Maslow's Hammer for Catastrophic Forgetting: Node Re-Use vs Node Activation

Continual learning - learning new tasks in sequence while maintaining performance on old tasks - remains particularly challenging for artificial neural networks. Surprisingly, the amount of forgetting does not increase with the dissimilarity between the learned tasks, but appears to be worst in an intermediate similarity regime. In this paper we theoretically analyse both a synthetic teacher-student framework and a real data setup to provide an explanation of this phenomenon that we name Maslow's hammer hypothesis. Our analysis reveals the presence of a trade-off between node activation and node re-use that results in worst forgetting in the intermediate regime. Using this understanding we reinterpret popular algorithmic interventions for catastrophic interference in terms of this trade-off, and identify the regimes in which they are most effective.

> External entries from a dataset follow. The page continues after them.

(* Let $0<p<1$, $0\le r\le1$ with $p\ne r$, $m:=r/p>1$, $T\in\mathbb{N}$ and $k\in\mathbb{N}$. Let $(H_i)_{i\ge1}$ be i.i.d. with $\mathbb{P}(H>n)=\frac{r-p}{(1-p)m^n-(1-r)}$ for $n\ge0$, $H_0:=T$, $N_T:=\min\{i\ge1:H_i>T\}$. Define the $k$-sample node depths: conditionally on $\{N_T\ge k\}$, choose a subset of $k$ tips $s_0<s_1<\dots<s_{k-1}$ uniformly at random among the $\binom{N_T}{k}$ subsets of $\{0,\dots,N_T-1\}$ (independently of $(H_i)$ given $N_T$), and set $H_{k,0}:=T$ and $H_{k,i}:=\max\{H_{s_{i-1}+1},\dots,H_{s_i}\}$ for $1\le i<k$. For $y\in(0,1)$, define the Bernoulli$(y)$-sample node depths: take an independent copy $(\tilde H_i)_{i\ge1}$ of $(H_i)$ with $\tilde H_0:=T$, $\tilde N_T:=\min\{i\ge1:\tilde H_i>T\}$, select each tip $i\in\{0,\dots,\tilde N_T-1\}$ independently with probability $y$, let $K$ be the number of selected tips and $t_0<\dots<t_{K-1}$ the selected tips, and set $H_{y,0}:=T$, $H_{y,i}:=\max\{\tilde H_{t_{i-1}+1},\dots,\tilde H_{t_i}\}$ for $1\le i<K$. Let $$\mu_k(\mathrm{d}y):=\frac{k\,\delta_T\,y^{k-1}}{\bigl(1-(1-\delta_T)(1-y)\bigr)^{k+1}}\,\mathrm{d}y,\qquad y\in(0,1),\qquad \delta_T:=\mathbb{P}(H>T).$$ Then for all $x_0=T$ and $x_1,\dots,x_{k-1}\in\{1,2,\dots,T\}$, $$\mathbb{P}(H_{k,0}=x_0,\dots,H_{k,k-1}=x_{k-1}\mid N_T\ge k)=\int_0^1\mu_k(\mathrm{d}y)\,\mathbb{P}(H_{y,0}=x_0,\dots,H_{y,k-1}=x_{k-1}\mid K=k).$$
   Context: The sequence $(H_i)_{i\ge1}$ is the coalescent point process of a Bienaymé–Galton–Watson process with $(p,r)$-linear fractional offspring law $\mathbb{P}(\xi=0)=1-r$, $\mathbb{P}(\xi=k)=rp(1-p)^{k-1}$ ($k\ge1$): $H_i$ is the coalescent time of consecutive tips $i-1,i$, and the coalescent time of tips $i<j$ is $\max\{H_{i+1},\dots,H_j\}$. The CPP$(T)$ tree has tips $0,\dots,N_T-1$ with node depths $H_0=T,H_1,\dots,H_{N_T-1}$. $H_{k,i}$ (resp. $H_{y,i}$) is the coalescent time between the $(i-1)$-th and $i$-th sampled tips. $\mu_k$ is a probability measure on $(0,1)$. *)

From HB Require Import structures.
From mathcomp Require Import all_boot all_order all_algebra.
From mathcomp Require Import all_classical all_reals all_analysis.
Set Implicit Arguments. Unset Strict Implicit. Unset Printing Implicit Defensive.
Import Order.TTheory GRing.Theory Num.Theory.
Local Open Scope ring_scope.

Section CPP.
Variable R : realType.

Definition tailH (p r : R) (n : nat) : R :=
  (r - p) / ((1 - p) * (r / p) ^+ n - (1 - r)).

Definition pH (p r : R) (n : nat) : R :=
  (if n is n'.+1 then tailH p r n' else 1) - tailH p r n.

(* A CPP(T) tree with N = n+1 tips is encoded by h : 'I_n -> {0..T},
   h i = H_{i+1} for 1 <= i+1 <= n = N_T - 1.  Its probability is
   P(H_1 = h_0, ..., H_n = h_{n-1}, H_{n+1} > T)
   = prod_i P(H = h_i) * P(H > T)   (i.i.d. law of (H_i)),
   which is the probability of {N_T = n+1, (H_1..H_n) = h}. *)
Definition ptree (p r : R) (T n : nat) (h : {ffun 'I_n -> 'I_T.+1}) : R :=
  (\prod_(i < n) pH p r (h i)) * tailH p r T.

Definition hlist (T n : nat) (h : {ffun 'I_n -> 'I_T.+1}) : seq nat :=
  [seq val (h i) | i <- enum 'I_n].

(* H_j for j >= 1 (read from the list H_1 :: H_2 :: ...) *)
Definition Hat (hs : seq nat) (j : nat) : nat := nth 0 hs j.-1.

Definition tips (N : nat) (s : {set 'I_N}) : seq nat :=
  sort leq [seq val i | i <- enum s].

(* sampled node depths: for selected tips t_0 < ... < t_{K-1},
   [:: T; max(H_{t_0+1..t_1}); ...; max(H_{t_{K-2}+1..t_{K-1}})] *)
Definition depths (T : nat) (hs : seq nat) (t : seq nat) : seq nat :=
  T :: pairmap (fun a b => \max_(a.+1 <= j < b.+1) Hat hs j) (head 0%N t) (behead t).

(* P(H_{k,0} = x_0, ..., H_{k,k-1} = x_{k-1} | N_T >= k), where given N_T = N >= k
   the k-subset of tips is uniform among the 'C(N,k) subsets. *)
Definition ksample_prob (p r : R) (T k : nat) (x : seq nat) : R :=
  (\big[+%R/0%R]_(n <oo) (if (k <= n.+1)%N then
      \sum_(h : {ffun 'I_n -> 'I_T.+1})
        ptree p r h *
        (#|[set s : {set 'I_n.+1} | (#|s| == k) && (depths T (hlist h) (tips s) == x)]|%:R
           / ('C(n.+1, k))%:R)
    else 0))
  / (\big[+%R/0%R]_(n <oo) (if (k <= n.+1)%N then
      \sum_(h : {ffun 'I_n -> 'I_T.+1}) ptree p r h else 0)).

(* P(H_{y,0} = x_0, ..., H_{y,k-1} = x_{k-1} | K = k), each tip selected
   independently with probability y. *)
Definition bsample_prob (p r : R) (T k : nat) (y : R) (x : seq nat) : R :=
  (\big[+%R/0%R]_(n <oo)
      \sum_(h : {ffun 'I_n -> 'I_T.+1})
        ptree p r h *
        \sum_(b : {set 'I_n.+1} | (#|b| == k) && (depths T (hlist h) (tips b) == x))
           (y ^+ #|b| * (1 - y) ^+ (n.+1 - #|b|)))
  / (\big[+%R/0%R]_(n <oo)
      \sum_(h : {ffun 'I_n -> 'I_T.+1})
        ptree p r h *
        \sum_(b : {set 'I_n.+1} | #|b| == k)
           (y ^+ #|b| * (1 - y) ^+ (n.+1 - #|b|))).

Definition muk_density (p r : R) (T k : nat) (y : R) : R :=
  k%:R * tailH p r T * y ^+ k.-1
  / (1 - (1 - tailH p r T) * (1 - y)) ^+ k.+1.

End CPP.

From HB Require Import structures.
From mathcomp Require Import all_boot all_order all_algebra.
From mathcomp Require Import all_classical all_reals all_analysis.
From mathcomp Require Import ring lra zify.
From mathcomp Require Import measurable_realfun.
Import Order.TTheory GRing.Theory Num.Theory.
Import numFieldNormedType.Exports.
Local Open Scope classical_set_scope.
Local Open Scope ring_scope.

(* Given N_T = n + 1, which has the geometric law (1 - d)^n d with d = P(H > T),
   both samplings choose a k-subset of the n + 1 tips depending only on its size,
   so everything is expressed through c_n = sum of P(tree) * #{k-subsets with
   depths x}: the k-sample weighs c_n by C(n+1,k)^-1, the Bernoulli(y) sample by
   y^k (1-y)^(n+1-k).  The negative binomial series
   sum_N C(N,k) z^(N-k) = (1-z)^-(k+1) gives the Bernoulli normaliser in closed
   form, the density of mu_k cancels it, and after exchanging sum and integral
   (monotone convergence) the Beta integral
   k * int_0^1 y^(k-1) (1-y)^(n+1-k) dy = C(n+1,k)^-1 recovers the k-sample
   weights. *)

Section TailH.
Context {R : realType} {p r : R}.
Hypotheses (p_gt0 : 0 < p) (p_lt1 : p < 1) (m_gt1 : 1 < r / p).

Let den n := (1 - p) * (r / p) ^+ n - (1 - r).

Let rBp_gt0 : 0 < r - p.
Proof. by rewrite subr_gt0 -(mul1r p) -ltr_pdivlMr. Qed.

Let den_lt n : den n < den n.+1.
Proof.
rewrite ltrD2r exprS ltr_pM2l ?subr_gt0 //.
by rewrite ltr_pMl // exprn_gt0 // (lt_trans ltr01).
Qed.

Let den0 : den 0 = r - p.
Proof. by rewrite /den expr0 mulr1; ring. Qed.

Let den_gt0 n : 0 < den n.
Proof. by elim: n => [|n IH]; [rewrite den0 | exact: lt_trans (den_lt n)]. Qed.

Lemma tailH0 : tailH p r 0 = 1.
Proof. by rewrite /tailH -/(den 0) den0 divff ?gt_eqF. Qed.

Lemma tailH_gt0 n : 0 < tailH p r n.
Proof. exact: divr_gt0 rBp_gt0 (den_gt0 n). Qed.

Lemma tailH_decreasing : {homo tailH p r : m n / (m < n)%N >-> n < m}.
Proof.
apply: homo_ltn => [y x z /= yx zy|n]; first exact: lt_trans zy yx.
by rewrite /tailH -!/(den _) ltr_pM2l // ltf_pV2 ?posrE.
Qed.

Lemma tailH_le1 n : tailH p r n <= 1.
Proof. by case: n => [|n]; rewrite -tailH0 // ltW // tailH_decreasing. Qed.

Lemma tailH_lt1 n : (0 < n)%N -> tailH p r n < 1.
Proof. by rewrite -tailH0 => /tailH_decreasing. Qed.

Lemma pH_ge0 n : 0 <= pH p r n.
Proof.
by rewrite subr_ge0; case: n => [|n]; rewrite ?tailH_le1 // ltW // tailH_decreasing.
Qed.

Modelling continual learning in humans with Hebbian context gating and exponentially decaying task signals

Humans can learn several tasks in succession with minimal mutual interference but perform more poorly when trained on multiple tasks at once. The opposite is true for standard deep neural networks. Here, we propose novel computational constraints for artificial neural networks, inspired by earlier work on gating in the primate prefrontal cortex, that capture the cost of interleaved training and allow the network to learn two tasks in sequence without forgetting. We augment standard stochastic gradient descent with two algorithmic motifs, so-called "sluggish" task units and a Hebbian training step that strengthens connections between task units and hidden units that encode task-relevant information. We found that the "sluggish" units introduce a switch-cost during training, which biases representations under interleaved training towards a joint representation that ignores the contextual cue, while the Hebbian step promotes the formation of a gating scheme from task units to the hidden layer that produces orthogonal representations which are perfectly guarded against interference. Validating the model on previously published human behavioural data revealed that it matches performance of participants who had been trained on blocked or interleaved curricula, and that these performance differences were driven by misestimation of the true category boundary.

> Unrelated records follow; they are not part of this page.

(* For $i=1,2$ let $\mathbf{L}_i=(L_i,\le)$ be a nontrivial finite join-semilattice with greatest element $1$ satisfying property $( * )$, and let $(R_i,\vee,\circ)$ be a subsemiring of $(\mathrm{JM}_1(\mathbf{L}_i),\vee,\circ)$ such that $f_{a,b}\in R_i$ for all $a\in L_i\setminus\{1\}$, $b\in L_i$, and every $f\in R_i$ satisfies $f_{a,b}\le f$ for some $a\in L_i\setminus\{1\}$, $b\in L_i$. If $(R_1,\vee,\circ)$ and $(R_2,\vee,\circ)$ are isomorphic semirings, then $\mathbf{L}_1$ and $\mathbf{L}_2$ are isomorphic.
   Context: $\mathrm{JM}_1(\mathbf{L})$ is the set of maps $f:L\to L$ preserving binary joins with $f(1)=1$, a semiring under pointwise join and composition, ordered pointwise. $f_{a,b}(x)=b$ if $x\le a$ and $1$ otherwise. A finite semilattice with greatest element $1$ satisfies $( * )$ if there exists $u$ with $1\ne u\vee x$ for all $x\ne 1$. *)

From HB Require Import structures.
From mathcomp Require Import all_boot all_order.
Set Implicit Arguments. Unset Strict Implicit. Unset Printing Implicit Defensive.
Import Order.TTheory.
Local Open Scope order_scope.

Section JM.
Variables (d : Order.disp_t) (L : finTJoinSemilatticeType d).

Definition fjoin (f g : {ffun L -> L}) : {ffun L -> L} := [ffun x => f x `|` g x].
Definition fcomp (f g : {ffun L -> L}) : {ffun L -> L} := [ffun x => f (g x)].
Definition fle (f g : {ffun L -> L}) : bool := [forall x, f x <= g x].

Definition JM1 (f : {ffun L -> L}) : Prop :=
  (forall x y, f (x `|` y) = f x `|` f y) /\ f \top = \top.

Definition fab (a b : L) : {ffun L -> L} := [ffun x => if x <= a then b else \top].

Definition star_prop : Prop :=
  exists u : L, forall x : L, x != \top -> u `|` x != \top.

Definition subsemiring (R : {set {ffun L -> L}}) : Prop :=
  (forall f, f \in R -> JM1 f) /\
  (forall f g, f \in R -> g \in R -> fjoin f g \in R) /\
  (forall f g, f \in R -> g \in R -> fcomp f g \in R).

Definition good_R (R : {set {ffun L -> L}}) : Prop :=
  subsemiring R /\
  (forall a b : L, a != \top -> fab a b \in R) /\
  (forall f, f \in R -> exists a b : L, a != \top /\ fle (fab a b) f).

End JM.

Definition semiring_iso (d1 d2 : Order.disp_t)
  (L1 : finTJoinSemilatticeType d1) (L2 : finTJoinSemilatticeType d2)
  (R1 : {set {ffun L1 -> L1}}) (R2 : {set {ffun L2 -> L2}}) : Prop :=
  exists phi : {ffun L1 -> L1} -> {ffun L2 -> L2},
    [/\ {in R1 &, injective phi}, phi @: R1 = R2,
        {in R1 &, forall f g, phi (fjoin f g) = fjoin (phi f) (phi g)} &
        {in R1 &, forall f g, phi (fcomp f g) = fcomp (phi f) (phi g)}].

Definition jsl_iso (d1 d2 : Order.disp_t)
  (L1 : finTJoinSemilatticeType d1) (L2 : finTJoinSemilatticeType d2) : Prop :=
  exists h : L1 -> L2, bijective h /\ forall x y, h (x `|` y) = h x `|` h y.

From HB Require Import structures.
From mathcomp Require Import all_boot all_order.
Set Implicit Arguments. Unset Strict Implicit. Unset Printing Implicit Defensive.
Import Order.TTheory.
Local Open Scope order_scope.

(* Fix a <> 1. Since every f in R_1 fixes 1, composing with the idempotent
   e := f_{a,a} gives f o e = f_{a, f a}, so {f_{a,c} | c in L_1} = R_1 o e is
   a join-semilattice copy of L_1 inside R_1. Transporting along the
   isomorphism phi and evaluating at a point x0 with phi(e)(x0) <> 1 gives a
   join-morphism c |-> phi(f_{a,c})(x0) from L_1 onto L_2: any y is reached
   because f_{phi(e)(x0), y} lies in R_2 = phi(R_1). By symmetry there is also
   a surjection L_2 -> L_1, so both lattices have the same size and the first
   surjection is bijective. *)

Lemma card_image_surj (T T' : finType) (f : T -> T') :
  (forall y, exists x, f x = y) -> (#|T'| <= #|[seq f x | x in T]|)%N.
Proof.
move=> f_surj; apply/subset_leq_card/subsetP=> y _.
by have [x <-] := f_surj y; apply: image_f.
Qed.

Lemma bij_of_surj_surj (T T' : finType) (f : T -> T') (g : T' -> T) :
  (forall y, exists x, f x = y) -> (forall x, exists y, g y = x) -> bijective f.
Proof.
move=> f_surj g_surj.
have le_T'T := leq_trans (card_image_surj f_surj) (leq_image_card f T).
have le_TT' := leq_trans (card_image_surj g_surj) (leq_image_card g T').
apply: inj_card_bij le_T'T; apply: in2T; apply/image_injP.
rewrite eqn_leq leq_image_card /=.
exact: leq_trans le_TT' (card_image_surj f_surj).
Qed.

Section Fab.
Variables (d : Order.disp_t) (L : finTJoinSemilatticeType d).

Lemma exists_neq_top : (1 < #|L|)%N -> exists a : L, a != \top.
Proof.
move=> /card_gt1P [x [y [_ _ nxy]]].
have [ex|] := eqVneq x \top; last by exists x.
by exists y; rewrite -ex eq_sym.
Qed.

Lemma fabE_le (a b x : L) : x <= a -> fab a b x = b.
Proof. by move=> le_xa; rewrite ffunE le_xa. Qed.

Lemma fcomp_fab (k : {ffun L -> L}) (a : L) :
  k \top = \top -> fcomp k (fab a a) = fab a (k a).
Proof. by move=> k_top; apply/ffunP=> x; rewrite !ffunE; case: (x <= a). Qed.

Lemma fab_join (a c c' : L) : fab a (c `|` c') = fjoin (fab a c) (fab a c').
Proof. by apply/ffunP=> x; rewrite !ffunE; case: (x <= a); rewrite ?joinxx. Qed.

Lemma good_R_top (R : {set {ffun L -> L}}) f :
  good_R R -> f \in R -> f \top = \top.
Proof. by move=> [[JM _] _] /JM []. Qed.

End Fab.

Lemma semiring_iso_sym d1 d2 (L1 : finTJoinSemilatticeType d1)
  (L2 : finTJoinSemilatticeType d2)
  (R1 : {set {ffun L1 -> L1}}) (R2 : {set {ffun L2 -> L2}}) :
  subsemiring R1 -> semiring_iso R1 R2 -> semiring_iso R2 R1.
Proof.
move=> [_ [R1_join R1_comp]] [phi [phi_inj phi_im phi_join phi_comp]].
pose psi (f : {ffun L2 -> L2}) :=
  odflt [ffun x : L1 => x] [pick k in R1 | phi k == f].
have psiP f : f \in R2 -> psi f \in R1 /\ phi (psi f) = f.
  rewrite -phi_im => /imsetP [k kR ->]; rewrite /psi.
  case: pickP => [k' /andP [k'R /eqP ->] //|].
  by move=> /(_ k); rewrite kR eqxx.
have phi_in_R2 k : k \in R1 -> phi k \in R2.
  by rewrite -phi_im; apply: imset_f.
have psiK k : k \in R1 -> psi (phi k) = k.
  by move=> kR; have [pR /phi_inj] := psiP (phi k) (phi_in_R2 k kR); apply.
exists psi; split.
- move=> f g /psiP [_ ef] /psiP [_ eg] psi_eq.
  by rewrite -ef -eg psi_eq.
- apply/setP=> k; apply/imsetP/idP => [[f /psiP [fR _] ->] //|kR].
  by exists (phi k); [exact: phi_in_R2 | rewrite psiK].
- move=> f g /psiP [fR <-] /psiP [gR <-].
  by rewrite -phi_join // !psiK // R1_join.
- move=> f g /psiP [fR <-] /psiP [gR <-].
  by rewrite -phi_comp // !psiK // R1_comp.
Qed.

Section Transport.
Variables (d1 d2 : Order.disp_t).
Variables (L1 : finTJoinSemilatticeType d1) (L2 : finTJoinSemilatticeType d2).
Variables (R1 : {set {ffun L1 -> L1}}) (R2 : {set {ffun L2 -> L2}}).
Hypotheses (R1_good : good_R R1) (R2_good : good_R R2).
Variable phi : {ffun L1 -> L1} -> {ffun L2 -> L2}.
Hypotheses (phi_inj : {in R1 &, injective phi}) (phi_im : phi @: R1 = R2).
Hypothesis phi_join :
  {in R1 &, forall f g, phi (fjoin f g) = fjoin (phi f) (phi g)}.
Hypothesis phi_comp :
  {in R1 &, forall f g, phi (fcomp f g) = fcomp (phi f) (phi g)}.

Variables (a : L1) (a_neq_top : a != \top).

Let fab_in_R1 c : fab a c \in R1.
Proof. by have [_ [->]] := R1_good. Qed.

Let phi_in_R2 k : k \in R1 -> phi k \in R2.
Proof. by rewrite -phi_im; apply: imset_f. Qed.

(* If phi e were constantly 1, then phi e = phi f_{a,1} o phi e
   = phi (f_{a,1} o e) = phi f_{a,1}, forcing a = e a = f_{a,1} a = 1. *)
Lemma phi_fab_neq_top : exists x0, phi (fab a a) x0 != \top.
Proof.
apply/existsP; apply: contraT => /existsPn all_top.
have e_top x : phi (fab a a) x = \top by apply/eqP; rewrite -[_ == _]negbK.
suff /phi_inj/ffunP/(_ a) : phi (fab a \top) = phi (fab a a).
  rewrite !fabE_le // => /(_ (fab_in_R1 _) (fab_in_R1 _)) /eqP.
  by rewrite eq_sym (negbTE a_neq_top).
have top_fixed := good_R_top R2_good (phi_in_R2 (fab_in_R1 \top)).
rewrite -(fabE_le \top (lexx a)) -fcomp_fab ?(good_R_top R1_good) // phi_comp //.
by apply/ffunP=> x; rewrite ffunE e_top.
Qed.

Variables (x0 : L2) (x0_not_top : phi (fab a a) x0 != \top).

Lemma phi_fab_surj y : exists c, phi (fab a c) x0 = y.
Proof.
have : fab (phi (fab a a) x0) y \in R2 by have [_ [->]] := R2_good.
rewrite -phi_im => /imsetP [k kR phi_k]; exists (k a).
rewrite -fcomp_fab ?(good_R_top R1_good) // phi_comp // -phi_k ffunE.
exact: fabE_le.
Qed.

Lemma phi_fab_join c c' :
  phi (fab a (c `|` c')) x0 = phi (fab a c) x0 `|` phi (fab a c') x0.
Proof. by rewrite fab_join phi_join // ffunE. Qed.

End Transport.

Lemma semiring_iso_jsl_surj d1 d2 (L1 : finTJoinSemilatticeType d1)
  (L2 : finTJoinSemilatticeType d2)
  (R1 : {set {ffun L1 -> L1}}) (R2 : {set {ffun L2 -> L2}}) :
  (1 < #|L1|)%N -> good_R R1 -> good_R R2 -> semiring_iso R1 R2 ->
  exists h : L1 -> L2, (forall y, exists x, h x = y) /\
    forall x y, h (x `|` y) = h x `|` h y.
Proof.
move=> L1_nontriv R1_good R2_good [phi [phi_inj phi_im phi_join phi_comp]].
have [a a_neq_top] := exists_neq_top L1_nontriv.
have [x0 x0_not_top] :=
  phi_fab_neq_top R1_good R2_good phi_inj phi_im phi_comp a_neq_top.
exists (fun c => phi (fab a c) x0); split.
- exact: (phi_fab_surj R1_good R2_good phi_im phi_comp a_neq_top x0_not_top).
- exact: (phi_fab_join R1_good phi_join a_neq_top).
Qed.

Theorem proposition6p6 (d1 d2 : Order.disp_t)
  (L1 : finTJoinSemilatticeType d1) (L2 : finTJoinSemilatticeType d2)
  (R1 : {set {ffun L1 -> L1}}) (R2 : {set {ffun L2 -> L2}}) :
  (1 < #|L1|)%N -> (1 < #|L2|)%N ->
  star_prop L1 -> star_prop L2 ->
  good_R R1 -> good_R R2 ->
  semiring_iso R1 R2 ->
  jsl_iso L1 L2.
Proof.
move=> L1_nontriv L2_nontriv _ _ R1_good R2_good iso12.
have iso21 := semiring_iso_sym R1_good.1 iso12.
have [h [h_surj h_join]] :=
  semiring_iso_jsl_surj L1_nontriv R1_good R2_good iso12.
have [h' [h'_surj _]] :=
  semiring_iso_jsl_surj L2_nontriv R2_good R1_good iso21.
by exists h; split; [exact: bij_of_surj_surj h_surj h'_surj|].
Qed.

Continual Learning in the Teacher-Student Setup: Impact of Task Similarity

Continual learning-the ability to learn many tasks in sequence-is critical for artificial learning systems. Yet standard training methods for deep networks often suffer from catastrophic forgetting, where learning new tasks erases knowledge of earlier tasks. While catastrophic forgetting labels the problem, the theoretical reasons for interference between tasks remain unclear. Here, we attempt to narrow this gap between theory and practice by studying continual learning in the teacher-student setup. We extend previous analytical work on two-layer networks in the teacher-student setup to multiple teachers. Using each teacher to represent a different task, we investigate how the relationship between teachers affects the amount of forgetting and transfer exhibited by the student when the task switches. In line with recent work, we find that when tasks depend on similar features, intermediate task similarity leads to greatest forgetting. However, feature similarity is only one way in which tasks may be related. The teacher-student approach allows us to disentangle task similarity at the level of readouts (hidden-to-output weights) and features (input-to-hidden weights). We find a complex interplay between both types of similarity, initial transfer/forgetting rates, maximum transfer/forgetting, and long-term transfer/forgetting. Together, these results help illuminate the diverse factors contributing to catastrophic forgetting.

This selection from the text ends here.